TG Medical: Blood Curdling Hormones
Now that I have your attention, I would like to discuss the most frequent and most important side-effect of female hormones. It is a well established fact that estrogens and progestens cause an increase in the clotting mechanisms of blood and produce blood clots in the deep veins of the legs, which may become life threatening.

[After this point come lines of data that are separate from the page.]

Lemma mxrank_frame i : \rank (row_mx (frameV i) frameY) = 2%N.
Proof. exact: mxrank_orthonormal2 (vdot_frameV i) vdot_frameY (vdot_frameVY i). Qed.

Lemma sec_curv_frame i (e := delta_mx i 0 : 'cV[R]_n) :
  sec_curv br (frameV i) frameY =
  - 4^-1 * vdot ((C + C^T) *m e) ((C - C^T) *m e) - 2^-1 * vdot ((C + C^T) *m (C *m e)) e.
Proof.
rewrite /sec_curv vdot_frameV vdot_frameY vdot_frameVY expr0n subr0 mulr1 invr1 mulr1.
rewrite (vdot_curv_sec solv_bracket_linear solv_bracketC) /frameV /frameY.
rewrite solv_bracket_col !lc_conn_solv !vdot_col_mx !vdot_scalar_mx.
rewrite !(mulmx0, scaler0, scale0r, scale1r, subr0, sub0r, vdot0l, vdot0r, mulr0, mul0r, addr0, add0r).
rewrite !(vdotZl, vdotZr, vdotNl, vdotNr, mulmxN, scalerN, opprK).
rewrite (_ : 4^-1 = 2^-1 * 2^-1 :> R); last by field.
ring.
Qed.

Lemma sum_sec_curv_frame :
  \sum_i sec_curv br (frameV i) frameY = - 2^-1 * (\tr (C *m C) + \tr (C *m C^T)).
Proof.
under eq_bigr => i _ do rewrite sec_curv_frame vdot_mulmx_delta mulmxA vdot_mulmx_delta1.
rewrite big_split /= sumrN -!mulr_sumr -!/(mxtrace _) [(C + C^T)^T]linearD /= trmxK.
rewrite !(mulmxDl, mulmxBr, mxtraceD, raddfN) /= -trmx_mul mxtrace_tr (mxtrace_mulC C^T C).
ring.
Qed.

Lemma abs_sec_curv_solv_le u v :
  `|sec_curv br u v| <= 12 * (1 + 2 * (n + 1)%:R) * \tr (C *m C^T).
Proof.
rewrite (_ : 12 * _ * _ = 3 * ((1 + 2 * (n + 1)%:R) * (4 * \tr (C *m C^T)))); last by ring.
apply: (abs_sec_curv_le solv_bracket_linear solv_bracketC _ solv_bracket_norm_le).
exact: mulr_ge0 _ (mxtrace_mul_tr_ge0 C).
Qed.

Lemma sup_abs_sec_solv_le :
  (0 < n)%N -> sup_abs_sec br <= 12 * (1 + 2 * (n + 1)%:R) * \tr (C *m C^T).
Proof.
by move=> n_gt0; apply: sup_abs_sec_le abs_sec_curv_solv_le _ _ (mxrank_frame (Ordinal n_gt0)).
Qed.

Lemma abs_sec_curv_frame_le i : `|sec_curv br (frameV i) frameY| <= sup_abs_sec br.
Proof. exact: le_sup_abs_sec abs_sec_curv_solv_le _ _ (mxrank_frame i). Qed.

Lemma mxtrace_sqr_le_sup_abs_sec :
  2^-1 * (\tr (C *m C) + \tr (C *m C^T)) <= n%:R * sup_abs_sec br.
Proof.
rewrite -[X in X <= _]opprK -mulNr -sum_sec_curv_frame -sumrN.
apply: le_trans (_ : \sum_(i < n) sup_abs_sec br <= _).
  by apply: ler_sum => i _; rewrite (le_trans (ler_norm _)) // normrN abs_sec_curv_frame_le.
by rewrite sumr_const card_ord mulr_natl.
Qed.

End SolvableLieAlgebra.

Lemma mxtrace_similar (R : comUnitRingType) n (P B C : 'M[R]_n) :
  P \in unitmx -> B *m P = P *m C -> \tr C = \tr B.
Proof.
move=> P_unit BPC.
by rewrite -[C]mul1mx -(mulVmx P_unit) -mulmxA -BPC mxtrace_mulC -mulmxA mulmxV // mulmx1.
Qed.

Theorem mainTheorem8 (R : realType) (n : nat) (hn : (2 <= n)%N) :
  exists tau : R, 0 < tau /\
  forall (A : 'M[int]_n) (B : 'M[R]_n),
    \det A = 1 ->
    expmx_is B (map_mx (fun z : int => z%:~R) A) ->
    exists kappa : R,
    forall (P C : 'M[R]_n),
      P \in unitmx ->
      B *m P = P *m C ->
      let a := sup_abs_sec (@solv_bracket R n C) in
      tau^-1 * a <= \tr (C *m C^T) /\ \tr (C *m C^T) <= tau * a + kappa.
Proof.
pose tau : R := 12 * (1 + 2 * (n + 1)%:R).
have tau_gt0 : 0 < tau by rewrite mulr_gt0 // ltr_pwDl // mulr_ge0.
have n_gt0 : (0 < n)%N := ltnW hn.
exists tau; split => // A B _ _; exists (- \tr (B *m B)) => P C P_unit BPC a.
have a_le : a <= tau * \tr (C *m C^T) := sup_abs_sec_solv_le C n_gt0.
have a_ge0 : 0 <= a := le_trans (normr_ge0 _) (abs_sec_curv_frame_le C (Ordinal n_gt0)).
have trCC : \tr (C *m C) = \tr (B *m B).
  by apply: mxtrace_similar P_unit _; rewrite -mulmxA BPC !mulmxA BPC.
have lower := mxtrace_sqr_le_sup_abs_sec C; rewrite trCC -/a in lower.
have two_n_le_tau : 2 * n%:R <= tau by rewrite /tau natrD; have := ler0n R n; lra.
split; first by rewrite ler_pdivrMl.
have := ler_wpM2r a_ge0 two_n_le_tau; lra.
Qed.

The complications of stroke, heart attack and pulmonary embolus have been well documented in young women on oral contraceptives (OC) and menopausal women on HRT. The risk of thrombosis or clotting increases sharply with age, from roughly one in 10,000 people per year before age 40 to one in 100 per year for those over age 75. The net effect or absolute risk will be 3 additional cases in 10,000 OC users, but nearly 40 cases in 10,000 HRT users. The relative risk has been shown to be increased 2 - 4 fold in these groups with a 5-fold increase in heart attacks and a 3-fold increase in stroke in the 45 to 60 year old menopausal group. Over the past 40 years, the amount of estrogen in birth control pills has been steadily reduced from 100 micrograms of ethinyl estradiol, a synthetic preparation, to 50 or even 30 micrograms to decrease but not eliminate the frequency of these side effects. But the transsexual population is at even greater risk because of the large doses they are given to suppress testosterone production. These doses as noted in my last article are usually in the 100 microgram range for ethinyl estradiol and at most are reduced to 50 micrograms per day over years. The Amsterdam group reported the incidence of venous thrombo-embolic episodes (VTE) at 12 % for MTFs above the age of 40 and at 2.1% for those less than 40 years of age. These are the serious complications of when the clot dislodges from the leg and cuts off the circulation to the lungs, kidneys or liver. The majority of small clots go undetected and are usually recurrent before the big one leaves the leg which on rare occasion results in sudden death.
Many factors besides hormones contribute to VTE especially if you have a family history from either parent or second degree relative, who may have contributed a gene for clotting called Factor V (5) Leiden. This mutation of a single amino acid on a single gene is responsible for a 50-fold increase in blood clotting if both parents have the gene and a 6-fold increase if only one parent contributes it. This is important before you have SRS surgery because the mere fact of lying in a hospital bed for a day or two will produce venous blood clotting. Which brings me to the second cause for VTE. When the body becomes immobile from a long car ride or plane trip without walking breaks, then venous stasis in the legs will bring on this clotting phenomenon. Other associated factors are smoking, high blood pressure and obesity. Precautionary measures can be taken by reducing your hormones one month prior to surgery, taking low dose anticoagulants during surgery and using pressure devices on your legs to keep the blood moving. The most impressive finding in the MTF group is that after 4 months of treatment with oral ethinyl estradiol and cyproterone acetate, the European progesten, the measurable clotting factors increased to the levels of the genetic carriers. It was felt in one study that this was the result of the chemical formulation and oral intake. Therefore the switch was made to the transdermal preparation of 17 Beta-estradiol (E2), which closely resembles the natural hormone. At a transdermal dose of 100 micrograms daily of E2 there appears to be a much smaller and limited effect on clotting and is therefore recommended for the over 40 age group and maybe for everyone. Now, how often have I said that. Not to be left out, the FTM group treated with testosterone has a very mild increase in clotting factors, which does not seem clinically significant. As you increase the Testosterone level you get a corresponding decrease in natural E2.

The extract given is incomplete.